Using Blog Subscriber Metrics for Better Outreach Decision Making

Today’s guest post is from Traian Neacsu. Traian is the Director of SEO and co-founder of Pitstop Media Inc, a Canadian company that provides top rated search engine marketing services to businesses across North America. To invite the author to publish articles on your blog please contact

If you’re a link builder who chooses his or her link partners based on their social influence, you probably don’t like to be cheated when it comes to decision-making metrics. Would you spend hours writing a guest article for a blogger with only 5 subscribers, or would you rather publish it on a blog with 250 subscribers? Or how would you like to acquire a PR8 link, only to find out later that the PR was forged, and it’s actually 0 (zero)? I don’t think anyone likes that kind of “sorcery”.

I consider the numbers of blog subscribers in addition to the useful metrics provided by default within BuzzStream when I decide on how to approach link partners.

This article will show you how to find this metric in BuzzStream, with the help of custom fields and a bit of detective work.

Create a new custom field with BuzzStream

This is easy. Just go to your Account -> Customize Fields -> New Custom Field:

custom fields


Name it Blog Subscribers and use “type numerical”.


Then go to your Link Partner page and Configure Columns to display the newly created custom field:

 added the subscribers to the tool


Finding the number of bloggers

This is the detective part of the article, and I know you will like it 😉

The easiest and most obvious way to find how many subscribers a blog gets is to actually look for the number on the page itself:

obvious number of subscribers

You are most likely aware of the above widget, which shows the number of subscribers for blogs using FeedBurner, the most used feed management provider. What you might not be aware of is that there are unscrupulous people who forge this number, similarly to what PR fakers do. They either Photoshop the image, or hijack someone else’s RSS widget.

I am not going to teach you how to do that. However, read further to learn how to check if the widget is real or not.
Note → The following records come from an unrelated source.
(* Slope of [takagi_partial m] on the dyadic interval [N 2^-m, (N+1) 2^-m]: each binary
   digit of N contributes -1 if it is a one and +1 if it is a zero. *)
Fixpoint dyadic_slope (m : nat) (N : Z) : R :=
  match m with
  | O => 0
  | S k => dyadic_slope k (Z.div2 N) + (if Z.odd N then -1 else 1)
  end.

Fixpoint trailing_ones (m : nat) (N : Z) : nat :=
  match m with
  | O => O
  | S k => if Z.odd N then S (trailing_ones k (Z.div2 N)) else O
  end.

Lemma takagi_partial_affine m : forall N y y',
  IZR N <= 2 ^ m * y <= IZR N + 1 -> IZR N <= 2 ^ m * y' <= IZR N + 1 ->
  takagi_partial m y' - takagi_partial m y = (y' - y) * dyadic_slope m N.
Proof.
  induction m as [|m IH]; intros N y y' Hy Hy'; simpl takagi_partial; simpl dyadic_slope.
  - ring.
  - pose proof (IZR_div2_odd N) as HN; set (q := Z.div2 N) in *.
    simpl pow in Hy, Hy'; rewrite Rmult_assoc in Hy, Hy'.
    set (t := 2 ^ m * y) in *; set (t' := 2 ^ m * y') in *.
    assert (Hq : IZR q <= t <= IZR q + 1 /\ IZR q <= t' <= IZR q + 1)
      by (destruct (Z.odd N); lra).
    assert (Hdist : (/2) ^ m * (dist_Z t' - dist_Z t)
                    = (y' - y) * (if Z.odd N then -1 else 1)).
    { replace (y' - y) with ((/2) ^ m * (t' - t))
        by (unfold t, t'; rewrite <- (Rmult_1_l (y' - y)), <- (inv2_pow_mul m); ring).
      destruct (Z.odd N).
      + (* both points lie in [q + 1/2, q + 1], where dist_Z t = q + 1 - t *)
        assert (Hq1 : IZR (q + 1) = IZR q + 1) by (rewrite plus_IZR; reflexivity).
        rewrite (dist_Z_eq t (q + 1)), (dist_Z_eq t' (q + 1)), Hq1
          by (rewrite Hq1; apply Rabs_le; lra).
        rewrite !Rabs_left1 by lra; ring.
      + rewrite (dist_Z_eq t q), (dist_Z_eq t' q) by (apply Rabs_le; lra).
        rewrite !Rabs_pos_eq by lra; ring. }
    replace (_ - _) with ((takagi_partial m y' - takagi_partial m y)
                         + (/2) ^ m * (dist_Z t' - dist_Z t)) by ring.
    rewrite Hdist, (IH q y y') by (unfold t, t' in Hq; tauto); ring.
Qed.

Lemma dyadic_slope_succ m : forall N,
  dyadic_slope m N + 2 * INR (trailing_ones m N) - 2 <= dyadic_slope m (N + 1)
  <= dyadic_slope m N + 2 * INR (trailing_ones m N).
Proof.
  induction m as [|m IH]; intros N; simpl.
  - lra.
  - pose proof (Z.div2_odd N) as E; set (q := Z.div2 N) in *.
    destruct (Z.odd N).
    + destruct (Zdiv2_odd_eq (N + 1) (q + 1) false) as [-> ->]; [cbn [Z.b2z] in *; lia|].
      specialize (IH q); rewrite S_INR; lra.
    + destruct (Zdiv2_odd_eq (N + 1) q true) as [-> ->]; [cbn [Z.b2z] in *; lia|].
      simpl; lra.
Qed.

(** * Binary digits of x *)

Section Digits.

Variable x : R.

Definition dyadic_index (m : nat) : Z := Int_part (x * 2 ^ m).

Lemma dyadic_index_bounds m :
  IZR (dyadic_index m) <= 2 ^ m * x < IZR (dyadic_index m) + 1.
Proof.
  unfold dyadic_index; rewrite (Rmult_comm (2 ^ m) x).
  destruct (base_Int_part (x * 2 ^ m)); lra.
Qed.

Lemma dyadic_index_div2 m : Z.div2 (dyadic_index (S m)) = dyadic_index m.
Proof.
  pose proof (dyadic_index_bounds m); pose proof (dyadic_index_bounds (S m)) as B.
  simpl pow in B; pose proof (Z.div2_odd (dyadic_index (S m))).
  assert (2 * dyadic_index m < dyadic_index (S m) + 1)%Z
    by (apply lt_IZR; rewrite plus_IZR, mult_IZR; simpl; lra).
  assert (dyadic_index (S m) < 2 * dyadic_index m + 2)%Z
    by (apply lt_IZR; rewrite plus_IZR, mult_IZR; simpl; lra).
  destruct (Z.odd (dyadic_index (S m))); cbn [Z.b2z] in *; lia.
Qed.

Lemma bdigit_dyadic_index k :
  bdigit k x = if Z.odd (dyadic_index k) then 1%nat else 0%nat.
Proof. reflexivity. Qed.

Lemma bdigit_0_or_1 k : bdigit k x = 0%nat \/ bdigit k x = 1%nat.
Proof. rewrite bdigit_dyadic_index; destruct (Z.odd _); auto. Qed.

Fixpoint ones_count (m : nat) : R :=
  match m with O => 0 | S k => ones_count k + INR (bdigit (S k) x) end.

Lemma ones_count_bounds m : 0 <= ones_count m <= INR m.
Proof.
  induction m as [|m IH]; simpl ones_count; [simpl; lra|].
  rewrite S_INR; destruct (bdigit_0_or_1 (S m)) as [-> | ->]; simpl; lra.
Qed.
Lemma q3_In_trim25 : In q3 (trim25 X).
Proof. apply trim25_In. pose proof q1_le_q3. destruct q3_spec. split; auto; lra. Qed.

Lemma q1_le L : (length X < 4 * count_le L X)%nat -> q1 <= L.
Proof.
  intros H. apply lt_INR in H. rewrite mult_INR in H. simpl (INR 4) in H.
  pose proof (INR_length_pos X HX). apply quantile_le; auto; lra.
Qed.

Lemma q3_le hi : (4 * length (filter (fun x => negb (Rleb x hi)) X) < length X)%nat -> q3 <= hi.
Proof.
  intros H. apply INR_mul4_lt in H.
  pose proof (f_equal INR (filter_length (fun x => Rleb x hi) X)) as Hc. rewrite plus_INR in Hc.
  pose proof (INR_length_pos X HX). apply quantile_le; auto; unfold count_le; lra.
Qed.

Lemma ge_q1 lo : (4 * length (filter (fun x => negb (Rleb lo x)) X) < length X)%nat -> lo <= q1.
Proof.
  intros H. apply INR_mul4_lt in H. destruct (Rle_dec lo q1) as [|Hn]; auto. exfalso.
  destruct q1_spec as [_ Hc].
  assert (Hsub : (count_le q1 X <= length (filter (fun x => negb (Rleb lo x)) X))%nat).
  { apply filter_length_mono. intros x _ Hx. apply Rleb_true in Hx.
    apply Bool.negb_true_iff, Rleb_false. lra. }
  apply le_INR in Hsub. lra.
Qed.

Lemma ge_q3 U : (length X < 4 * length (filter (fun x => Rleb U x) X))%nat -> U <= q3.
Proof.
  intros H. apply lt_INR in H. rewrite mult_INR in H. simpl (INR 4) in H.
  destruct (Rle_dec U q3) as [|Hn]; auto. exfalso.
  destruct q3_spec as [_ Hc].
  assert (Hsub : (count_le q3 X <= length (filter (fun x => negb (Rleb U x)) X))%nat).
  { apply filter_length_mono. intros x _ Hx. apply Rleb_true in Hx.
    apply Bool.negb_true_iff, Rleb_false. lra. }
  pose proof (f_equal INR (filter_length (fun x => Rleb U x) X)) as Hc2. rewrite plus_INR in Hc2.
  apply le_INR in Hsub. lra.
Qed.

Lemma trim25_nonempty : trim25 X <> [].
Proof. intros ET. pose proof q1_In_trim25 as Hq. rewrite ET in Hq. contradiction. Qed.
End TrimmedMean.

(* Both quartiles survive the trimming: [q3 <= hi] bounds every kept sample,
   and the kept sample [q1 <= L] pulls the mean down. *)
Lemma ave_trim25_le X hi L :
  (4 * length (filter (fun x => negb (Rleb x hi)) X) < length X)%nat ->
  (length X < 4 * count_le L X)%nat -> L <= hi ->
  ave (trim25 X) <= hi - (hi - L) / INR (length X).
Proof.
  intros Hhi HL HLhi.
  assert (HX : X <> []) by (intros ->; simpl in Hhi; lia).
  pose proof (q3_le X HX hi Hhi). pose proof (q1_le X HX L HL).
  assert (Hbnd : forall x, In x (trim25 X) -> x <= hi) by (intros x Hx; apply trim25_In in Hx; lra).
  pose proof (ave_le_of_mem _ hi _ Hbnd (q1_In_trim25 X HX)).
  pose proof (INR_length_pos _ (trim25_nonempty X HX)).
  pose proof (le_INR _ _ (length_trim25 X)).
  pose proof (Rdiv_le_compat (hi - L) (hi - quantile (1/4) X)
                (INR (length (trim25 X))) (INR (length X)) ltac:(lra) ltac:(lra)).
  lra.
Qed.

Lemma ave_trim25_ge X lo U :
  (4 * length (filter (fun x => negb (Rleb lo x)) X) < length X)%nat ->
  (length X < 4 * length (filter (fun x => Rleb U x) X))%nat -> lo <= U ->
  lo + (U - lo) / INR (length X) <= ave (trim25 X).
Proof.
  intros Hlo HU HlU.
  assert (HX : X <> []) by (intros ->; simpl in Hlo; lia).
  pose proof (ge_q1 X HX lo Hlo). pose proof (ge_q3 X HX U HU).
  assert (Hbnd : forall x, In x (trim25 X) -> lo <= x) by (intros x Hx; apply trim25_In in Hx; lra).
  pose proof (ave_ge_of_mem _ lo _ Hbnd (q3_In_trim25 X HX)).
  pose proof (INR_length_pos _ (trim25_nonempty X HX)).
  pose proof (le_INR _ _ (length_trim25 X)).
  pose proof (Rdiv_le_compat (U - lo) (quantile (3/4) X - lo)
                (INR (length (trim25 X))) (INR (length X)) ltac:(lra) ltac:(lra)).
  lra.
Qed.

Definition cis (a : R) : C := (cos a, sin a).

Lemma cis_add a b : Cmult (cis a) (cis b) = cis (a + b).
Proof. unfold cis, Cmult; simpl. rewrite cos_plus, sin_plus. f_equal; ring. Qed.

Lemma Cconj_cis a : Cconj (cis a) = cis (- a).
Proof. unfold cis, Cconj; simpl. rewrite cos_neg, sin_neg. auto. Qed.

Lemma Cmod_cis a : Cmod (cis a) = 1.
Proof.
  unfold Cmod, cis; cbn [fst snd].
  replace (cos a ^ 2 + sin a ^ 2) with 1 by (pose proof (sin2_cos2 a); unfold Rsqr in *; nra).
  apply sqrt_1.
Qed.

Lemma Cmult_conj_unit c : Cmod c = 1 -> Cmult c (Cconj c) = 1%C.
Proof. intros H. rewrite <- Cmod2_conj, H. f_equal. simpl. ring. Qed.

Lemma Cmod_unit_cis z : Cmod z = 1 -> exists a, - PI < a <= PI /\ z = cis a.
Proof.
  destruct z as [x y]. unfold Cmod; simpl. intros H.
  assert (Hs : x * (x * 1) + y * (y * 1) = 1).
  { rewrite <- (sqrt_sqrt (x * (x * 1) + y * (y * 1))); [rewrite H; ring| nra]. }
  assert (Hx : -1 <= x <= 1) by nra.
  assert (H1 : 1 - x² = y²) by (unfold Rsqr; lra).
  pose proof (acos_bound x).
  destruct (Rle_dec 0 y) as [Hy|Hy].
  - exists (acos x). split; [pose proof PI_RGT_0; lra|].
    unfold cis. rewrite cos_acos, sin_acos by auto. rewrite H1, sqrt_Rsqr; auto.
  - exists (- acos x). split.
    + assert (-1 < x < 1) by nra. pose proof (acos_bound_lt x H2). lra.
    + unfold cis. rewrite cos_neg, sin_neg, cos_acos, sin_acos by auto.
      rewrite H1, sqrt_Rsqr_abs, Rabs_left by lra. f_equal; ring.
Qed.

Lemma arg_spec z : Cmod z = 1 -> - PI < arg z <= PI /\ z = cis (arg z).
Proof.
  intros H. unfold arg.
  destruct (epsilon_spec (inhabits 0%R)
    (fun th => - PI < th <= PI /\ z = Cmult (RtoC (Cmod z)) (cos th, sin th))) as [H1 H2].
  { destruct (Cmod_unit_cis z H) as [a [Ha1 Ha2]]. exists a. split; auto.
    rewrite H. fold (cis a). rewrite <- Ha2. ring. }
  split; auto. set (e := epsilon _ _) in *. rewrite H in H2. unfold cis. rewrite H2 at 1. ring.
Qed.

Lemma cis_inj a b : - PI < a <= PI -> - PI < b <= PI -> cis a = cis b -> a = b.
Proof.
  intros Ha Hb E. unfold cis in E. injection E as E1 E2.
  set (u := (a - b) / 2).
  assert (Hc : cos (2 * u) = 1).
  { unfold u. replace (2 * ((a - b) / 2)) with (a - b) by field.
    rewrite cos_minus, E1, E2. pose proof (sin2_cos2 b). unfold Rsqr in H. lra. }
  rewrite cos_2a_sin in Hc.
  assert (Hs : sin u = 0) by nra.
  pose proof PI_RGT_0.
  destruct (Rtotal_order u 0) as [Hl|[He|Hg]].
  - assert (0 < sin (- u)) by (apply sin_gt_0; unfold u in *; lra).
    rewrite sin_neg in H0. lra.
  - unfold u in He. lra.
  - assert (0 < sin u) by (apply sin_gt_0; unfold u in *; lra). lra.
Qed.

Lemma arg_cis a : - PI < a <= PI -> arg (cis a) = a.
Proof. intros Ha. destruct (arg_spec (cis a) (Cmod_cis a)) as [H1 H2]. apply cis_inj; auto. Qed.

Lemma rotated_cis_mult_conj c a b : Cmod c = 1 ->
  Cmult (Cmult c (cis a)) (Cconj (Cmult c (cis b))) = cis (a - b).
Proof.
  intros Hc. rewrite Cmult_conj, Cconj_cis.
  transitivity (Cmult (Cmult c (Cconj c)) (Cmult (cis a) (cis (- b)))); [ring|].
  rewrite Cmult_conj_unit, cis_add by auto. replace (a + - b) with (a - b) by ring. ring.
Qed.

Lemma arg_rotated_cis_mult_conj c a b : Cmod c = 1 -> - PI < a - b < PI ->
  arg (Cmult (Cmult c (cis a)) (Cconj (Cmult c (cis b)))) = a - b.
Proof. intros Hc Hab. rewrite rotated_cis_mult_conj by auto. apply arg_cis. lra. Qed.

Lemma arg_of_dangle_lt e c : Cmod e = 1 -> Cmod c = 1 -> dangle c e < PI / 2 ->
  - PI / 2 < arg (Cmult e (Cconj c)) < PI / 2.
Proof.
  intros He Hc Hd.
  assert (Hw : Cmod (Cmult e (Cconj c)) = 1) by (rewrite Cmod_mult, Cmod_conj, He, Hc; ring).
  destruct (arg_spec _ Hw) as [Ha Hw2]. set (a := arg (Cmult e (Cconj c))) in *.
  assert (Hce : Cmult c (Cconj e) = cis (- a)).
  { rewrite <- Cconj_cis, <- Hw2, Cmult_conj, Cconj_conj. ring. }
  unfold dangle in Hd. rewrite Hce in Hd. pose proof PI_RGT_0.
  destruct (Req_dec a PI) as [Ea|Ea].
  - exfalso. assert (Hpi : cis (- a) = cis PI).
    { rewrite Ea. unfold cis. rewrite cos_neg, sin_neg, sin_PI. f_equal. ring. }
    rewrite Hpi, arg_cis, Rabs_pos_eq in Hd; lra.
  - rewrite arg_cis in Hd by lra. apply Rabs_def2 in Hd. lra.
Qed.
No matter if I find this widget visually present on a page, I always double check for veridicity, using the methods described below.

Say you don’t find any numbers displayed on the page. Then how the heck do you find the magic number?

Here’s the first method

Open the source code of the page (CTRL+U), and search (CTRL+F) for feedburner:

find the feed URL in the source

There may be multiple instances of the string, but what you’re searching for looks like the highlighted link above; followed by the feed name, in this case Friedbeef.

Next, copy that URL in the browser’s address bar and add /~fc/ right after .com and the feedname; just like this:

the number of subscribers is revelead

If you’re lucky, you will get the number of subscribers using this method. If this fails (you might get the message below), then you’ll have to rely on a less accurate method.

 feedburner not enabled

The second method

This method estimates the number of subscribers based on the number of using Google Reader to read RSS, so it’s not as accurate as getting the number from FeedBurner itself.

You can also use this method if a blog doesn’t use Feedburner as their feed management tool.

Open Google Reader -> Browse for stuff-> Search:


using google reader to get the number of blogs



Perform a couple of searches:

1)      Search for the domain name without www. and .com:

google reader subscribers

Domain name search

2)      Search for the feed name (if you found it in the source code) and you might get these results :

google reader subscribers 2 

Feed name search



There’s no official data of the market share of Google Reader, but we can easily assume that it’s at least 50%. So keep that in mind when you add the number of subscribers to BuzzStream. You might want to add a bit more to the numbers reported by Google. I usually multiply by 1.3 to add an extra 30%.

A couple of notes before concluding:

–          Do not interpret these numbers as absolutes, but rather guidelines. When you rate your link partners, use bracketing (i.e. 0 to 50 subscribers = low influence, 51 to 100 subscribers = medium influence, and so on).

–          Do not rely just on this number to qualify prospects. Also check the number of followers, tweets, shares and comments (blog engagement rate).

Since the number of followers and FB likes are so easy to manipulate and/or automate, I like to give some importance to the subscriber metrics when I perform an outreach campaign. This being said, use these methods wisely. Acknowledge that they are estimates and please don’t ignore the bloggers with low counts. Some of them are great people.

What do you think!? Leave a comment; it will be appreciated and replied to.

See you at the top!


  • @Ryan – thanks for commenting. Sometimes a reputable blogger just opens a new blog and then you might miss him if you’re only looking at one metric only. A bit of detective work may pay out.

  • I agree that some of the bloggers with low counts can be great resources. Their content may not have been discovered yet. Count is not the only consideration when you reach out. Quality content makes a difference and you could be connecting with the next popular blogger when others discover their worth.